*** Opening SUPPLIED MATERIAL ***

Lemma weak_nodal_domainP w x : f w != 0 ->
  weak_nodal_domain adj sigma f w x <-> exists b, connect cover_edge (lift w) (x, b).
Proof.
move=> fw; split.
  case=> [[fx wx] | [y [[fy wy] /W_conn_connect [ex [ey [_ adm_y xy]]]]]].
    by exists (f x < 0); apply: W_rel_connect.
  exists ex; apply: connect_trans (W_rel_connect fw fy wy) _.
  by rewrite cover_connect_sym -(admissible_nonzero fy adm_y).
case=> b wx; have [-> | xw] := eqVneq x w; first by left; split; [|left].
have wx' : W_conn adj sigma f w x.
  by apply: (connect_W_conn (s := lift w) (t := (x, b))); rewrite // eq_sym.
have [fx | fx] := eqVneq (f x) 0; last by left; split; [|right; left].
right; exists w; split; first by split; [|left].
by apply: (connect_W_conn (s := (x, b)) (t := lift w)); rewrite // cover_connect_sym.
Qed.

Lemma connect_weak_nodal_domain w w' : f w != 0 -> f w' != 0 ->
  connect cover_edge (lift w) (lift w') ->
  forall z, weak_nodal_domain adj sigma f w z <-> weak_nodal_domain adj sigma f w' z.
Proof.
move=> fw fw' ww' z; rewrite !weak_nodal_domainP //.
have same := same_connect cover_connect_sym ww'.
by split=> -[c h]; exists c; rewrite ?same // -same.
Qed.
End SignedDoubleCover.

Theorem corollary3p9 (V : finType) (R : realFieldType)
  (adj : rel V) (sigma : V -> V -> R) (f : V -> R)
  (hG : signed_graph adj sigma)
  (hf : exists v, f v != 0)
  (w w' x : V)
  (hw : f w != 0) (hw' : f w' != 0)
  (hdist : ~ (forall z, weak_nodal_domain adj sigma f w z <->
                        weak_nodal_domain adj sigma f w' z))
  (hx : weak_nodal_domain adj sigma f w x)
  (hx' : weak_nodal_domain adj sigma f w' x) :
  (forall y, B_set adj f x y ->
     weak_nodal_domain adj sigma f w y \/ weak_nodal_domain adj sigma f w' y) /\
  (forall y, adj y x ->
     weak_nodal_domain adj sigma f w y \/ weak_nodal_domain adj sigma f w' y).
Proof.
have [b wx] := (weak_nodal_domainP hG x hw).1 hx.
have [b' w'x] := (weak_nodal_domainP hG x hw').1 hx'.
have b'b : b' != b.
  apply/eqP=> b'b; apply/hdist/connect_weak_nodal_domain => //.
  by apply: connect_trans wx _; rewrite cover_connect_sym // -b'b.
have fx : f x = 0.
  apply/eqP; apply: contraTT b'b => fx; rewrite negbK.
  have [->] := admissible_nonzero fx (connect_admissible (admissible_lift f w) wx).
  by have [->] := admissible_nonzero fx (connect_admissible (admissible_lift f w') w'x).
have in_B y : B_set adj f x y ->
    weak_nodal_domain adj sigma f w y \/ weak_nodal_domain adj sigma f w' y.
  move=> /(B_set_connect hG) [c xy]; rewrite !(weak_nodal_domainP hG y) //.
  have [cb | cb] := eqVneq c b; [left | right]; exists (f y < 0).
    by apply: connect_trans wx _; rewrite -cb.
  apply: connect_trans w'x _.
  by have -> : b' = c by move: b'b cb; case: (b); case: (b'); case: (c).
split=> // y yx; apply: in_B; exists [:: y].
by split; rewrite /= ?fx ?eqxx // andbT (adj_sym hG).
Qed.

*** Closing SUPPLIED MATERIAL ***

ABOUT THIS TASK –
Reproduce exactly the lines running from the one with "sigma f w' y." to the last line of the listing above. Add nothing else.

COMPLETED TASK –
    weak_nodal_domain adj sigma f w y \/ weak_nodal_domain adj sigma f w' y.
  move=> /(B_set_connect hG) [c xy]; rewrite !(weak_nodal_domainP hG y) //.
  have [cb | cb] := eqVneq c b; [left | right]; exists (f y < 0).
    by apply: connect_trans wx _; rewrite -cb.
  apply: connect_trans w'x _.
  by have -> : b' = c by move: b'b cb; case: (b); case: (b'); case: (c).
split=> // y yx; apply: in_B; exists [:: y].
by split; rewrite /= ?fx ?eqxx // andbT (adj_sym hG).
Qed.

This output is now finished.